In developing AI-driven UAVs, Dr Scaramuzza is engaged with the ethical and humanitarian issues it raises, and consults on and runs seminars for the UN on disarmament and organisations such as Drones For Good and AI For Good.

“I would like to educate society to use AI and robotics responsibly,” he says. “We researchers have a responsibility when we publish open source code to be sure it is not directly applicable to misuse.”

He is also a keen promoter of the ‘no killer robot’ policy at UN level, wanting to make sure that in future AI doesn’t make the decision to use a lethal weapon, meaning that people remain in the decision loop. “At the moment there is no regulation, which means it’s problematic.”

Dr Scaramuzza’s lab has also generated spin-offs, including Zurich Eye which became Meta Zurich and developed the Meta Quest VR headset, and the SUIND crop spraying and forest monitoring operation in India, where they found a huge market. “They are taking technology from our lab to the real world and doing big things for good,” he says.

Dr Davide Scaramuzza

Inspired by a keen interest in mathematics, science and philosophy at high school, the Liceo Scientifico Renato Donatelli in Terni, Dr Scaramuzza went on to earn his bachelor’s degree in electronic engineering at the University of Perugia.
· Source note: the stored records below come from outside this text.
Lemma exp_not_poly_bounded x K d : 1 < x -> 0 <= K ->
  ~ (forall m : nat, x ^ (2 ^ m)%N <= K * (INR (2 ^ m)%N + 1) ^ d).
Proof.
move=> hx hK hall; set y := sqrt x.
have hy : 1 < y by rewrite /y -sqrt_1; apply: sqrt_lt_1; lra.
have hyy : y * y = x by rewrite /y sqrt_sqrt; lra.
have [C [hC hC1]] := poly_le_exp d hy.
have bounded : forall m : nat, y ^ (2 ^ m)%N <= K * C.
  move=> m; set N := (2 ^ m)%N.
  have e : x ^ N = y ^ N * y ^ N by rewrite -hyy Rpow_mult_distr.
  have hyN : 0 < y ^ N by apply: pow_lt; lra.
  suff : y ^ N * y ^ N <= K * C * y ^ N by nra.
  rewrite -e; apply: Rle_trans (hall m) _; rewrite Rmult_assoc.
  by apply: Rmult_le_compat_l.
have [m hm] := INR_archimed (y - 1) (K * C) ltac:(lra).
have hNr : INR m <= INR (2 ^ m)%N by apply/le_INR/leP/ltnW/ltn_expl.
by have := bernoulli_ineq (2 ^ m)%N (Rlt_le _ _ hy); have := bounded m; nra.
Qed.

Lemma log_convex_doubling (a : nat -> R) b :
  0 < a O -> 0 <= b -> a 1%N = a O * b ->
  (forall j, (a j) ^ 2 <= a O * a (2 * j)%N) ->
  forall m, a O * b ^ (2 ^ m)%N <= a (2 ^ m)%N.
Proof.
move=> ha0 hb hab hlc; elim=> [|m IH]; first by rewrite expn0 /= Rmult_1_r hab; lra.
set N := (2 ^ m)%N; rewrite expnS -/N.
have hpos : 0 <= a O * b ^ N by apply: Rmult_le_pos; [lra|apply: pow_le].
have sq : (a O * b ^ N) ^ 2 <= (a N) ^ 2 by apply: pow_incr.
have -> : b ^ (2 * N) = b ^ N * b ^ N by rewrite -pow_add mul2n -addnn.
apply: (Rmult_le_reg_l (a O)) => //; have := hlc N; rewrite /= in sq *; nra.
Qed.

Lemma log_convex_ratio_bound (a : nat -> R) rho E d :
  0 < rho -> 0 <= a O -> 0 <= E ->
  (forall j, (a j) ^ 2 <= a O * a (2 * j)%N) ->
  (forall k, Rabs (a k) <= E * (INR k + 1) ^ d * rho ^ k) ->
  a 1%N <= rho * a O.
Proof.
move=> hr ha0 hE hlc hgrowth.
case: (Rle_lt_or_eq_dec _ _ ha0) => ha0'; last first.
  have := hlc 1%N; rewrite -ha0' Rmult_0_l => h.
  suff : a 1%N = 0 by lra.
  nra.
apply: Rnot_lt_le => hlt; set b := a 1%N / a O.
have hb : rho < b.
  apply: (Rmult_lt_reg_r (a O)) => //.
  by rewrite /b /Rdiv Rmult_assoc Rinv_l; lra.
have hab : a 1%N = a O * b by rewrite /b; field; lra.
have big := log_convex_doubling ha0' (ltac:(lra) : 0 <= b) hab hlc.
apply: (exp_not_poly_bounded (x := b / rho) (K := E / a O) (d := d)).
- by apply: (Rmult_lt_reg_r rho) => //; rewrite /Rdiv Rmult_assoc Rinv_l; lra.
- by apply: Rdiv_nonneg.
move=> m; set N := (2 ^ m)%N.
have hrN : 0 < rho ^ N by apply: pow_lt.
have h : a O * b ^ N <= E * (INR N + 1) ^ d * rho ^ N.
  exact: Rle_trans (big m) (Rle_trans _ _ _ (Rle_abs _) (hgrowth N)).
rewrite /Rdiv Rpow_mult_distr pow_inv.
have -> : b ^ N * / rho ^ N = (a O * b ^ N) * / a O * / rho ^ N by field; lra.
have -> : E * / a O * (INR N + 1) ^ d = (E * (INR N + 1) ^ d * rho ^ N) * / a O * / rho ^ N.
  by field; lra.
apply: Rmult_le_compat_r; first by apply/Rlt_le/Rinv_0_lt_compat.
by apply: Rmult_le_compat_r; first by apply/Rlt_le/Rinv_0_lt_compat.
Qed.

Lemma partial_sum_le (u : nat -> R) l :
  (forall k, 0 <= u k) -> infinite_sum u l -> forall K, sum_f_R0 u K <= l.
Proof. by move=> hu hl; apply: growing_ineq hl => K /=; have := hu K.+1; lra. Qed.

Lemma le_of_perturbations u v C e0 :
  0 < e0 -> (forall e, 0 < e -> e < e0 -> u <= v + C * e) -> u <= v.
Proof.
move=> he0 h; apply: Rnot_lt_le => huv.
have hC : 0 < Rabs C + 1 by have := Rabs_pos C; lra.
set e := Rmin (e0 / 2) ((u - v) / (2 * (Rabs C + 1))).
have he : 0 < e by apply: Rmin_glb_lt; apply: Rdiv_lt_0_compat; lra.
have he1 : e < e0 by apply: Rle_lt_trans (Rmin_l _ _) _; lra.
have he2 : (Rabs C + 1) * e <= (u - v) / 2.
  have := Rmin_r (e0 / 2) ((u - v) / (2 * (Rabs C + 1))); rewrite -/e => hr.
  have := Rmult_le_compat_l _ _ _ (Rlt_le _ _ hC) hr.
  by have -> : (Rabs C + 1) * ((u - v) / (2 * (Rabs C + 1))) = (u - v) / 2 by field; lra.
have hCe : C * e <= Rabs C * e by apply: Rmult_le_compat_r; [lra | apply: Rle_abs].
by have := h e he he1; lra.
Qed.

(* The escape inequality with perturbed parameters (rho = l + e, escape
   partial sum q within e of p, alive mass m <= e) implies the unperturbed
   one up to an error O(e). *)
Lemma perturbed_escape_bound l p q m e a b B :
  0 <= l -> 0 <= p -> 0 < a -> 0 < b -> 0 <= B -> 0 < e -> l + e <= 1 ->
  0 <= q -> Rabs (q - p) < e -> 0 <= m -> m <= e ->
  (1 - (l + e)) * (q * a) <= (q + m) ^ 2 * a + q ^ 2 * b + m ^ 2 * B ->
  (1 - l) * (p * a) <=
  p ^ 2 * a + p ^ 2 * b + ((1 + p) * a + (4 * p + 4) * a + (2 * p + 1) * b + B) * e.
Proof.
move=> hl hp ha hb hB he hle hq hqp hm0 hme hineq.
have [hq1 hq2] : p - e <= q /\ q <= p + e by have := Rabs_def2 _ _ hqp; lra.
have hlin : (1 - l) * p - e * (1 + p) <= (1 - (l + e)) * q.
  have : (1 - (l + e)) * (p - e) <= (1 - (l + e)) * q by apply: Rmult_le_compat_l; lra.
  nra.
have L1 := Rmult_le_compat_r a _ _ (Rlt_le _ _ ha) hlin.
have L2 : (q + m) ^ 2 <= p ^ 2 + e * (4 * p + 4).
  have : (q + m) ^ 2 <= (p + 2 * e) ^ 2 by apply: pow_incr; lra.
  nra.
have L3 : q ^ 2 <= p ^ 2 + e * (2 * p + 1).
  have : q ^ 2 <= (p + e) ^ 2 by apply: pow_incr; lra.
  nra.
have L4 : m ^ 2 * B <= e * B by apply: Rmult_le_compat_r => //; nra.
have L2' := Rmult_le_compat_r a _ _ (Rlt_le _ _ ha) L2.
have L3' := Rmult_le_compat_r b _ _ (Rlt_le _ _ hb) L3.
nra.
Qed.

Lemma quadratic_discriminant A B C :
  0 <= C -> (forall t, 0 <= A - 2 * t * B + t * t * C) -> B ^ 2 <= A * C.
Proof.
move=> hC hq; case: (Rle_lt_or_eq_dec _ _ hC) => hC0.
  have := hq (B / C).
  have -> : A - 2 * (B / C) * B + B / C * (B / C) * C = (A * C - B ^ 2) / C by field; lra.
  move=> h; have key : 0 <= (A * C - B ^ 2) / C * C by nra.
  have e : (A * C - B ^ 2) / C * C = A * C - B ^ 2 by field; lra.
  lra.
rewrite -hC0 Rmult_0_r; case: (Req_dec B 0) => hB; first by rewrite hB; lra.
have := hq ((A + 1) / (2 * B)); rewrite -hC0 Rmult_0_r Rplus_0_r.
have -> : A - 2 * ((A + 1) / (2 * B)) * B = -1 by field.
lra.
Qed.

Section ReversibleChain.
Variable n' : nat.
Local Notation n := n'.+1.
Variable P : 'M[R]_n.
Variable pi : 'I_n -> R.
Hypothesis hT : transition_matrix P.
Hypothesis hI : irreducible P.
Hypothesis hpi : probability pi.
Hypothesis hR : reversible P pi.

Definition Pv (f : 'I_n -> R) (z : 'I_n) : R := rsum (fun w => P z w * f w).
Definition ip (f g : 'I_n -> R) : R := rsum (fun z => pi z * f z * g z).
Definition mean (f : 'I_n -> R) : R := rsum (fun z => pi z * f z).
That led to a PhD in robotics and computer vision from ETH Zurich, and a postdoc in the subject from the University of Pennsylvania. He has also served as a Visiting Associate Professor at Stanford University, and is now Associate Professor of Robotics and Perception at the University of Zurich.

As a counterpoint to his work as a scientist, he enjoys performing magic tricks for audiences ranging from children to colleagues. “I think the connection there is to do with the fact that robots move by themselves, and with magic you make people believe in telekinesis,” he says.

“There was a trick called the zombie ball I used to do a lot for kids. The ball floats in the air, and for me, seeing a robot move by itself is like magic.”